*** Opening of SOURCE MATERIAL ***
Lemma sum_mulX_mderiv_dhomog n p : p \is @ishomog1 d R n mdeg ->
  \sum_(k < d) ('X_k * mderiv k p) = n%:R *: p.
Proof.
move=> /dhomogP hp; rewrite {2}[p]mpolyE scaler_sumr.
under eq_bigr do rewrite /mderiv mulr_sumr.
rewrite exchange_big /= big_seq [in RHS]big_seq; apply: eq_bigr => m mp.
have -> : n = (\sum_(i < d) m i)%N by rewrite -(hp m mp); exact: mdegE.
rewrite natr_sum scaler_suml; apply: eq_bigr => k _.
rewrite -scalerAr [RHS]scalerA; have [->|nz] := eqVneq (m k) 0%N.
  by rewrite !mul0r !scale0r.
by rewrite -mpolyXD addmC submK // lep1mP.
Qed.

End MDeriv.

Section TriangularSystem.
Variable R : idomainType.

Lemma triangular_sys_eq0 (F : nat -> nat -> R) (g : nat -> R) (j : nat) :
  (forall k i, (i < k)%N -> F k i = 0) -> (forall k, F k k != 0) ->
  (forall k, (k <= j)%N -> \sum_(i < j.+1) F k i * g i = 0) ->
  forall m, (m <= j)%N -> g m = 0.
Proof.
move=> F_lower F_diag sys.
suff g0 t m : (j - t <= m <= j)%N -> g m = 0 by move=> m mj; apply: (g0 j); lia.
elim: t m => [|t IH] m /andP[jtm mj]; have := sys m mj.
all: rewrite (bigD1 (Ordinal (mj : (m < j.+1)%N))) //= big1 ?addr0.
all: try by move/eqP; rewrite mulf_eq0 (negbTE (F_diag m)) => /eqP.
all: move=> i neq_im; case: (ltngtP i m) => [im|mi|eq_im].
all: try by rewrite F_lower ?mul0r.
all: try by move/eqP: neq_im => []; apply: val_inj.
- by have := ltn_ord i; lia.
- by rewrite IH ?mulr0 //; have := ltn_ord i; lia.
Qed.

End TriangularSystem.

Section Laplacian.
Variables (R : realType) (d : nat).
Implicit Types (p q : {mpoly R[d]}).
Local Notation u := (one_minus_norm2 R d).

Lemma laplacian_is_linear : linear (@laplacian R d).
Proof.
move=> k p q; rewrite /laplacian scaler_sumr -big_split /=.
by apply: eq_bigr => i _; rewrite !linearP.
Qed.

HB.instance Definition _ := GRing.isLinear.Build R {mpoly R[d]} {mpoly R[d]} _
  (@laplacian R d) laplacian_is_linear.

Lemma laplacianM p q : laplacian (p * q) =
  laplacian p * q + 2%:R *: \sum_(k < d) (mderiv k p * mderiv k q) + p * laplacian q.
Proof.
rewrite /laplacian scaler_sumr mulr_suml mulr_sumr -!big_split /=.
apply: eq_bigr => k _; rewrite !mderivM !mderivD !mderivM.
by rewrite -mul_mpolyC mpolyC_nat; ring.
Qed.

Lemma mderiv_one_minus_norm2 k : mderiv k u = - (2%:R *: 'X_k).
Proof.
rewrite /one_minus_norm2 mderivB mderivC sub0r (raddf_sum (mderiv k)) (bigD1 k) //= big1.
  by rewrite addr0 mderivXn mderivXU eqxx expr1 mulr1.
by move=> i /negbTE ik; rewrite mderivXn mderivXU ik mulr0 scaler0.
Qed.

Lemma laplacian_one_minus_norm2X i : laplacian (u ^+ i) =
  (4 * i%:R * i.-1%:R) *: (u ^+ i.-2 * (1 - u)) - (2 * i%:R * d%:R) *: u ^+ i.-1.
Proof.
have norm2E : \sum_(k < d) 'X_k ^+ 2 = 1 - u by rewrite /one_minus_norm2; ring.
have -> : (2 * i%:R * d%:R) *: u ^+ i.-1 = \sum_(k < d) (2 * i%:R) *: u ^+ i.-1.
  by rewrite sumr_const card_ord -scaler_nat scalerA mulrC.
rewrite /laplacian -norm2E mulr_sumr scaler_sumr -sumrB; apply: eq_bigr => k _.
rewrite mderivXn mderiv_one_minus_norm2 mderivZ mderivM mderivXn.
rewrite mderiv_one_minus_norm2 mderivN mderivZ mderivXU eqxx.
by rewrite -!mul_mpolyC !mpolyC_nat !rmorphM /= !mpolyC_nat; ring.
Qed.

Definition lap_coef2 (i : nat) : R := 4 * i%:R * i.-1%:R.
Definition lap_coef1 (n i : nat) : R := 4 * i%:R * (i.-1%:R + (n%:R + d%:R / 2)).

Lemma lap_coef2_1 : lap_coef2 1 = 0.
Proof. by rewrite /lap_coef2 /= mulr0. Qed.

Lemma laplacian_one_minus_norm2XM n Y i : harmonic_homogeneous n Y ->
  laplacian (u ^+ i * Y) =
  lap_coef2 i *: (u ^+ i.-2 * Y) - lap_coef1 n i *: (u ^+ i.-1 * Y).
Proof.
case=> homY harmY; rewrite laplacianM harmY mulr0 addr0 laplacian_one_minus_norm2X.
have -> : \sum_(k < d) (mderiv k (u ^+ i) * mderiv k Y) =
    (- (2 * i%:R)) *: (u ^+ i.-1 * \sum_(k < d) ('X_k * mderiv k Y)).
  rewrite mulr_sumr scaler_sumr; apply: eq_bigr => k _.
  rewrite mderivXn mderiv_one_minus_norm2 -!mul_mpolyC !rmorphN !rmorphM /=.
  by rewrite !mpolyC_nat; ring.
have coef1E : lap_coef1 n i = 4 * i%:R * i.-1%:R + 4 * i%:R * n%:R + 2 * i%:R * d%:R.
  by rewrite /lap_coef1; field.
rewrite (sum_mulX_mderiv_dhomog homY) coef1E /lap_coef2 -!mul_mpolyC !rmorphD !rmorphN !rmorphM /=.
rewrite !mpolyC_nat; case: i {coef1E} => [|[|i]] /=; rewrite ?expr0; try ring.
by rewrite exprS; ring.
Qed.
*** Close of SOURCE MATERIAL ***
ASSIGNMENT: Out of the records above, pull each line containing the word "eqxx".

RESULT OF THE TASK:
  by rewrite addr0 mderivXn mderivXU eqxx expr1 mulr1.
rewrite mderiv_one_minus_norm2 mderivN mderivZ mderivXU eqxx.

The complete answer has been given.